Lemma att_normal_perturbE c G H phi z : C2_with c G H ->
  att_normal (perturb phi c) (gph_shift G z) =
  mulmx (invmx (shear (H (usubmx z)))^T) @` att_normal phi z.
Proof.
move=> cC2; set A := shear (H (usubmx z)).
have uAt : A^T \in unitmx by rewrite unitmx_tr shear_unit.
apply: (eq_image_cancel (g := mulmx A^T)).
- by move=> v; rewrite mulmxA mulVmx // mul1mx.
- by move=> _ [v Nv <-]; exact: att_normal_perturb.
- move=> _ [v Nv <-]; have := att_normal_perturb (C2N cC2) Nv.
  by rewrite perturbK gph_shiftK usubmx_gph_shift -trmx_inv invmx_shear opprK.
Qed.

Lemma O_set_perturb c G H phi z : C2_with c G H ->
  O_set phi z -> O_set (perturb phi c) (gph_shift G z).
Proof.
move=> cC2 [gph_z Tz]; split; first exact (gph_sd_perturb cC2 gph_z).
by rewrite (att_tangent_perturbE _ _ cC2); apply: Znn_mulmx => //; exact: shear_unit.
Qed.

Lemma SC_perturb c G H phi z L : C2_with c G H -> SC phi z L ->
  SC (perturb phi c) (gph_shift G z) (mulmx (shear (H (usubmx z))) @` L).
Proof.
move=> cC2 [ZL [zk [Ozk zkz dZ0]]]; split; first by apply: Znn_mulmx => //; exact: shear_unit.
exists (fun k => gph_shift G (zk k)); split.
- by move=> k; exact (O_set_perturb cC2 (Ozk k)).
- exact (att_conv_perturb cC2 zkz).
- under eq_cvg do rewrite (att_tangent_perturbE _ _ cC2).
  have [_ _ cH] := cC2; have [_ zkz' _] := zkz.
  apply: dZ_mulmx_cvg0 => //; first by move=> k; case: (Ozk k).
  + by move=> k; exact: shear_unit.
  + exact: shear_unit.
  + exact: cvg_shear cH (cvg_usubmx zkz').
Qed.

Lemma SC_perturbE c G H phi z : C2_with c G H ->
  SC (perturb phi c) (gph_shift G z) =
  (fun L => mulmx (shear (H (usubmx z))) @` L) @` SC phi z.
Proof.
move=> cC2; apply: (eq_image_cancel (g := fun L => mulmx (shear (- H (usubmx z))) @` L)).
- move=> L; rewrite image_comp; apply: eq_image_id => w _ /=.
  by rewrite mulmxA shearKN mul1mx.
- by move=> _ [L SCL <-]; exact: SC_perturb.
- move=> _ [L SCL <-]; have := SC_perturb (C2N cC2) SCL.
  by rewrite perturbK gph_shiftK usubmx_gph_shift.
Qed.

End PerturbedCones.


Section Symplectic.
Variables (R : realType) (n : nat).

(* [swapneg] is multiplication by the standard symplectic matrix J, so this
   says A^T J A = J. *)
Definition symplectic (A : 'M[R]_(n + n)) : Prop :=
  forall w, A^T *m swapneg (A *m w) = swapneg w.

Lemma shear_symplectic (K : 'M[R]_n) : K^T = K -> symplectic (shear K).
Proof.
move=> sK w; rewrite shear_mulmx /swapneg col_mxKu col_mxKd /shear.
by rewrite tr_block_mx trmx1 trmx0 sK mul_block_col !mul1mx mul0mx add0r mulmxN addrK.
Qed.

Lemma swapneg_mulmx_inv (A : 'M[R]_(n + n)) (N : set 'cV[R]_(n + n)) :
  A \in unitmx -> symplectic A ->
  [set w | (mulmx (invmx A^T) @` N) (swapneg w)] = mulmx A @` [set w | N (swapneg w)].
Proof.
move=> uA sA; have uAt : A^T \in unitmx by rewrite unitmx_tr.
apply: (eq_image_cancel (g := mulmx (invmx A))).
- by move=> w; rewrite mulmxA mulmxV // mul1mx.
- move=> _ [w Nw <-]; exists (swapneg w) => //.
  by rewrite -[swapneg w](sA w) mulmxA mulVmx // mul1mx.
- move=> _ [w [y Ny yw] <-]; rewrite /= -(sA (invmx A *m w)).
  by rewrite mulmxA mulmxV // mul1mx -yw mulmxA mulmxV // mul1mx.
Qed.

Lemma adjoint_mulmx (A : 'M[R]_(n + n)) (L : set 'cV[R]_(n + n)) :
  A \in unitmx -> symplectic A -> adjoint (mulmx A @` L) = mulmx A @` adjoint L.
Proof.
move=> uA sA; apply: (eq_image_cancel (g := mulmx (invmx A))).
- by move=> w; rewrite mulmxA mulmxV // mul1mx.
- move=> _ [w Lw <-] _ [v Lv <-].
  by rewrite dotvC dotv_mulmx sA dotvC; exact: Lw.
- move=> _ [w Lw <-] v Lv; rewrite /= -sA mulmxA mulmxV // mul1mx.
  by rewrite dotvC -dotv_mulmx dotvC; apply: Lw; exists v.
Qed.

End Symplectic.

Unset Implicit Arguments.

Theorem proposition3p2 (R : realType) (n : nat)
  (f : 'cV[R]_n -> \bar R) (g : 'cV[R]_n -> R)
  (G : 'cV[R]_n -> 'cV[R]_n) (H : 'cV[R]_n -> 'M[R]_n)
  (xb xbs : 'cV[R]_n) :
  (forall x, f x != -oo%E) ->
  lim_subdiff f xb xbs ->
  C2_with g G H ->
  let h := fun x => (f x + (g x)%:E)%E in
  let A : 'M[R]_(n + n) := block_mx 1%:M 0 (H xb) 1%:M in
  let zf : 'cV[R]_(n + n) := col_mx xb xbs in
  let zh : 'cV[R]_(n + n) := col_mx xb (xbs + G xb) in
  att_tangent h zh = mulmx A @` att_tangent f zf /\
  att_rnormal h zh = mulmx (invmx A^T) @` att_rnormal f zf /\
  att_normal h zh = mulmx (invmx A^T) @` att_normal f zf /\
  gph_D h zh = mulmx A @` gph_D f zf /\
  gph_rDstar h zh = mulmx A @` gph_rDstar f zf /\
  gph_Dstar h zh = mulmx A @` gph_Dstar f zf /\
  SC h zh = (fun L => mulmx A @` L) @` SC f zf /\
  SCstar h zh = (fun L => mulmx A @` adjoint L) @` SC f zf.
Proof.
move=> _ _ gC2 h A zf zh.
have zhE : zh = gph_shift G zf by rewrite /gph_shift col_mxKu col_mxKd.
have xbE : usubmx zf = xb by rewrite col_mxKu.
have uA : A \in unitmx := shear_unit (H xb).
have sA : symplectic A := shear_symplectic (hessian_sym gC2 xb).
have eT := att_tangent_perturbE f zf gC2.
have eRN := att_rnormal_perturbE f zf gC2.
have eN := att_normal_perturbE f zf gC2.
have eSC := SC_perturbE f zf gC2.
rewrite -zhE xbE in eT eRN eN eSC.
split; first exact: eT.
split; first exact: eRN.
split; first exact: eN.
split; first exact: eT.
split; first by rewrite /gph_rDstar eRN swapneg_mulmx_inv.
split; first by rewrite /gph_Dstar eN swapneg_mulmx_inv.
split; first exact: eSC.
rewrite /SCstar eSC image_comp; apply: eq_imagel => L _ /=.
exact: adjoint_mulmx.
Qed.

————

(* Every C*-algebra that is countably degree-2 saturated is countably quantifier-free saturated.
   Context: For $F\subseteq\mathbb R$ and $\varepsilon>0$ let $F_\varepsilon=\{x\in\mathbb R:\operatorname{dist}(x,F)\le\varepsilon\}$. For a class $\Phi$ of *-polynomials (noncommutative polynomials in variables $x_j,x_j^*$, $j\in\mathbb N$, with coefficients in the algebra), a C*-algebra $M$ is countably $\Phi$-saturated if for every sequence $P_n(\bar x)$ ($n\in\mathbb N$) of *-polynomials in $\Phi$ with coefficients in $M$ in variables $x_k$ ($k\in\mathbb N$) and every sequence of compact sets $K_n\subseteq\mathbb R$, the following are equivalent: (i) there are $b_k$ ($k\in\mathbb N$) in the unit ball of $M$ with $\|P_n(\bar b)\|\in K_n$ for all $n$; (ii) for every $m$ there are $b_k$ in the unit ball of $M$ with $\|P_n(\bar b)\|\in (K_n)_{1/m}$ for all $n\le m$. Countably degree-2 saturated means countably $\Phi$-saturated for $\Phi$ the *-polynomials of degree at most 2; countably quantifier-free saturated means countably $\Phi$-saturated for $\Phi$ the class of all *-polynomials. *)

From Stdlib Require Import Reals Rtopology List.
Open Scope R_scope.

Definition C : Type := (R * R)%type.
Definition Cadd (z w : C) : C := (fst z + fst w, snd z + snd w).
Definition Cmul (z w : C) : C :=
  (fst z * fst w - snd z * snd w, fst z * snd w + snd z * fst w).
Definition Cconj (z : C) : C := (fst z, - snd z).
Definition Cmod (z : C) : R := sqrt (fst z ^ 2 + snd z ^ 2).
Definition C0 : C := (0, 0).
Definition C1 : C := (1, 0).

————

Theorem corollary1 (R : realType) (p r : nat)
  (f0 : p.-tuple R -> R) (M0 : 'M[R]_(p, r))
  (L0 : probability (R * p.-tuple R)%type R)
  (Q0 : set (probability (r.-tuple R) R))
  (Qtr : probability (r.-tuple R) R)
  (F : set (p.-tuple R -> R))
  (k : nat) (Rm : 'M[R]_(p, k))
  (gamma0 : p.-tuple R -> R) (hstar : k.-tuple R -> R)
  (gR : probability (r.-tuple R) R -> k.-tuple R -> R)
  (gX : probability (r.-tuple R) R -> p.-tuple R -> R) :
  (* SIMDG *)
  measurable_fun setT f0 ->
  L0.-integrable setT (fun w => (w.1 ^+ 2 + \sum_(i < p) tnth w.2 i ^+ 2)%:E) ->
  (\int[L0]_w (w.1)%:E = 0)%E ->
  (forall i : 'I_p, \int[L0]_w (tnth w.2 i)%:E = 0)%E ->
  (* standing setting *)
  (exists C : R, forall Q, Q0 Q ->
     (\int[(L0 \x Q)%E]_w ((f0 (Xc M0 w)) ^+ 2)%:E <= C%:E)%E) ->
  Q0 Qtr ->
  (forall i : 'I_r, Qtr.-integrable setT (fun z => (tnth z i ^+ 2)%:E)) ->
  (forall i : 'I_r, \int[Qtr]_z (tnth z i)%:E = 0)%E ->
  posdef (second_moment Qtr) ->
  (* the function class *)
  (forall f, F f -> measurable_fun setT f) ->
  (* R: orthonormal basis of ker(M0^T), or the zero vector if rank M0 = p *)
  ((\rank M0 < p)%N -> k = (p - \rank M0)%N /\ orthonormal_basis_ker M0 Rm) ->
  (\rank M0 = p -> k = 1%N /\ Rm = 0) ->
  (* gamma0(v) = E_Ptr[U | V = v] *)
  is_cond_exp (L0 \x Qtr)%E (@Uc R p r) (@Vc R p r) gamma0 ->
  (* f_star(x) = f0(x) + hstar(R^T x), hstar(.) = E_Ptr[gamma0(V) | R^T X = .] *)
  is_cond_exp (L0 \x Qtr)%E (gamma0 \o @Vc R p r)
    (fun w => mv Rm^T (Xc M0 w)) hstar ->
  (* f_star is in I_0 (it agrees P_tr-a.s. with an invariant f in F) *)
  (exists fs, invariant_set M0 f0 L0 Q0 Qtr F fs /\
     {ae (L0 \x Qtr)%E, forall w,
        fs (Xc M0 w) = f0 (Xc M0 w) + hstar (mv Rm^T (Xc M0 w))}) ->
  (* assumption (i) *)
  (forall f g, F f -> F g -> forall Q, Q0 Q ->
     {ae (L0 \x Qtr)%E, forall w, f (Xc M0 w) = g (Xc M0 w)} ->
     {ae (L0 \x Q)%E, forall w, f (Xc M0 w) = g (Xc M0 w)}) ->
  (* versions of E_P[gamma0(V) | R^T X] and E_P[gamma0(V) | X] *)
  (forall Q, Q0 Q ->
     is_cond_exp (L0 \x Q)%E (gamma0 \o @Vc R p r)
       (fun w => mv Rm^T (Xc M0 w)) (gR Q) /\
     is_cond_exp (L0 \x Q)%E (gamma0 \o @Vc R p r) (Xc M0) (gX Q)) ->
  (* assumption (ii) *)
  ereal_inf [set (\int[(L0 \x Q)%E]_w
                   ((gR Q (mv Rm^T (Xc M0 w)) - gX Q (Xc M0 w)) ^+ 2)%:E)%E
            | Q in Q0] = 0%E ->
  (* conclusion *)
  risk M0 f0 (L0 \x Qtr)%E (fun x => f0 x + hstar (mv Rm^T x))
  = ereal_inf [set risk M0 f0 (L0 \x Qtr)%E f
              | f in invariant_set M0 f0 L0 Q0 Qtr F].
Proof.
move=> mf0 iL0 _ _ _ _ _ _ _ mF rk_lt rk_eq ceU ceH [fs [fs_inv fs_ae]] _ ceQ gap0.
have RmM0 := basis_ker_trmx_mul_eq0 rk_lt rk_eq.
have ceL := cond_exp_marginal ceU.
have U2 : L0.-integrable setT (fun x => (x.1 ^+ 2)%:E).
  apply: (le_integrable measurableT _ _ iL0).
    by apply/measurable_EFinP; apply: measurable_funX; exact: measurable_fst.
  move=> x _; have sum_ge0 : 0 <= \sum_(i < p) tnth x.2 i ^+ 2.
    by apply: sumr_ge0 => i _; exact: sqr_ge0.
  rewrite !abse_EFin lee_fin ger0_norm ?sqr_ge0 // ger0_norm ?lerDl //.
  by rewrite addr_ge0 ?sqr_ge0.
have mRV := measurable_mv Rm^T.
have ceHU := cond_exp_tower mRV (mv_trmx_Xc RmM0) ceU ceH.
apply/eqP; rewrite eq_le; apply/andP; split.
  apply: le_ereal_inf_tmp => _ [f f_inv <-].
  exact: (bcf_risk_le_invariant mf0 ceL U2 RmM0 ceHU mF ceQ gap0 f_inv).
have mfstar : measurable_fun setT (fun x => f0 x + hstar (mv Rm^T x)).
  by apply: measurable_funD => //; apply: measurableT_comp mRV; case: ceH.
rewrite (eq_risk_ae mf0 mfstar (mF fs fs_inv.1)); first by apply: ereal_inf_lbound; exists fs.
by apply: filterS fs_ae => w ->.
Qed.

————

The output should be exactly the lines above from the line containing "(fun L => mulmx (shear" to the line containing "- by move=> _ [L SCL <-]; exact: SC_perturb.", inclusive, with no other lines.

  (fun L => mulmx (shear (H (usubmx z))) @` L) @` SC phi z.
Proof.
move=> cC2; apply: (eq_image_cancel (g := fun L => mulmx (shear (- H (usubmx z))) @` L)).
- move=> L; rewrite image_comp; apply: eq_image_id => w _ /=.
  by rewrite mulmxA shearKN mul1mx.
- by move=> _ [L SCL <-]; exact: SC_perturb.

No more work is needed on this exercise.